(* There is an absolute constant $\tilde C\in\mathbb{R}^+$ such that the following holds. Fix $\epsilon,\eta\in(0,1/2)$ and $d\ge2$. Let $\mathcal{L}$ be an $r$-dimensional subspace of $\mathbb{C}^{n_1\times\cdots\times n_d}$ spanned by a basis of rank-one tensors $\mathcal{B}=\{\bigcirc_{\ell=1}^d\mathbf{y}^{(\ell)}_k:k\in[r]\}$ (with $\|\mathbf{y}^{(\ell)}_k\|_2=1$) whose modewise coherence satisfies $\mu_{\mathcal{B}}^{d-1}<1/(2r)$. For each $j\in[d]$ draw $\mathbf{A}_j\in\mathbb{C}^{m_j\times n_j}$ with $$m_j\ge\tilde C\cdot r^{2/d}d^2\epsilon^{-2}\ln(2r^2d/\eta)$$ from an $(\eta/d)$-optimal family of JL embedding distributions. Then with probability at least $1-\eta$, $$\big|\|\mathcal{Y}\times_1\mathbf{A}_1\cdots\times_d\mathbf{A}_d\|^2-\|\mathcal{Y}\|^2\big|\le\epsilon\|\mathcal{Y}\|^2\quad\text{for all }\mathcal{Y}\in\mathcal{L}.$$
   Context: Tensors carry the inner product $\langle\mathcal{X},\mathcal{Y}\rangle=\sum\mathcal{X}_{i_1\dots i_d}\overline{\mathcal{Y}_{i_1\dots i_d}}$ and norm $\|\cdot\|$; $\bigcirc$ is the outer product; $(\mathcal{Z}\times_j\mathbf{U})_{i_1,\dots,\ell,\dots,i_d}=\sum_{i_j}\mathcal{Z}_{i_1,\dots,i_j,\dots,i_d}\mathbf{U}_{\ell,i_j}$. $\mu_{\mathcal{B}}=\max_{\ell\in[d]}\max_{k\ne h}|\langle\mathbf{y}^{(\ell)}_k,\mathbf{y}^{(\ell)}_h\rangle|$. A matrix $\mathbf{A}\in\mathbb{C}^{m\times n}$ is an $\epsilon$-JL embedding of $S$ if $\|\mathbf{A}x\|_2^2=(1+\epsilon_x)\|x\|_2^2$ with $\epsilon_x\in(-\epsilon,\epsilon)$ for all $x\in S$. For $\eta\in(0,1/2)$, a family $\{\mathcal{D}_{(m,n)}\}$ of distributions over $m\times n$ matrices is $\eta$-optimal if there is an absolute $C>0$ such that for all $\epsilon\in(0,1)$, $m<n$, and nonempty $S\subset\mathbb{C}^n$ with $|S|\le\eta\exp(\epsilon^2m/C)$, $\mathbf{A}\sim\mathcal{D}_{(m,n)}$ is an $\epsilon$-JL embedding of $S$ with probability at least $1-\eta$. *)

From HB Require Import structures.
From mathcomp Require Import all_boot all_order all_algebra.
From mathcomp Require Import all_classical all_reals all_analysis.
From mathcomp Require Import complex.

Set Implicit Arguments.
Unset Strict Implicit.
Unset Printing Implicit Defensive.

Import Order.TTheory GRing.Theory Num.Theory.
Local Open Scope ring_scope.
Local Open Scope classical_set_scope.

(* R[i] is pointed (by 0), so that matrices over it are pointed;, needed for the generated sigma-algebra *)
HB.instance Definition _ (R : realType) := isPointed.Build R[i] 0.

Section Defs.
Variable R : realType.
Local Notation C := R[i].

Definition sqmod (z : C) : R := complex.Re z ^+ 2 + complex.Im z ^+ 2.
Definition cmod (z : C) : R := Num.sqrt (sqmod z).

Definition vdot n (x y : 'cV[C]_n) : C :=
  \sum_(i < n) x i 0 * conjc (y i 0).
Definition vsqnorm n (x : 'cV[C]_n) : R := \sum_(i < n) sqmod (x i 0).

Definition JL_embedding m n (eps : R) (A : 'M[C]_(m, n)) (S : seq 'cV[C]_n) :=
  forall x, x \in S ->
    exists epsx : R, - eps < epsx < eps /\
      vsqnorm (A *m x) = (1 + epsx) * vsqnorm x.

(* Borel sigma-algebra on C^{m x n}: generated by Re/Im of the entries *)
Definition mx_gen m n : set (set 'M[C]_(m, n)) :=
  [set E | exists (i : 'I_m) (j : 'I_n) (B : set R), measurable B /\
      (E = (fun A : 'M[C]_(m, n) => complex.Re (A i j)) @^-1` B \/
       E = (fun A : 'M[C]_(m, n) => complex.Im (A i j)) @^-1` B)].



Arguments mx_gen : clear implicits.
Local Notation mxT m n := (g_sigma_algebraType (mx_gen m n)).

(* "event E holds with probability at least p" (inner probability) *)
Definition prob_atleast d (T : measurableType d) (P : probability T R)
    (E : set T) (p : R) :=
  exists F : set T, [/\ measurable F, F `<=` E & (p%:E <= P F)%E].

Definition mx_family := forall m n : nat, probability (mxT m n) R.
-*-
_Problem to work on:_
Which lines above contain the word "Local"? Show each of them.

_Exercise response:_
Local Open Scope ring_scope.
Local Open Scope classical_set_scope.
Local Notation C := R[i].
Local Notation mxT m n := (g_sigma_algebraType (mx_gen m n)).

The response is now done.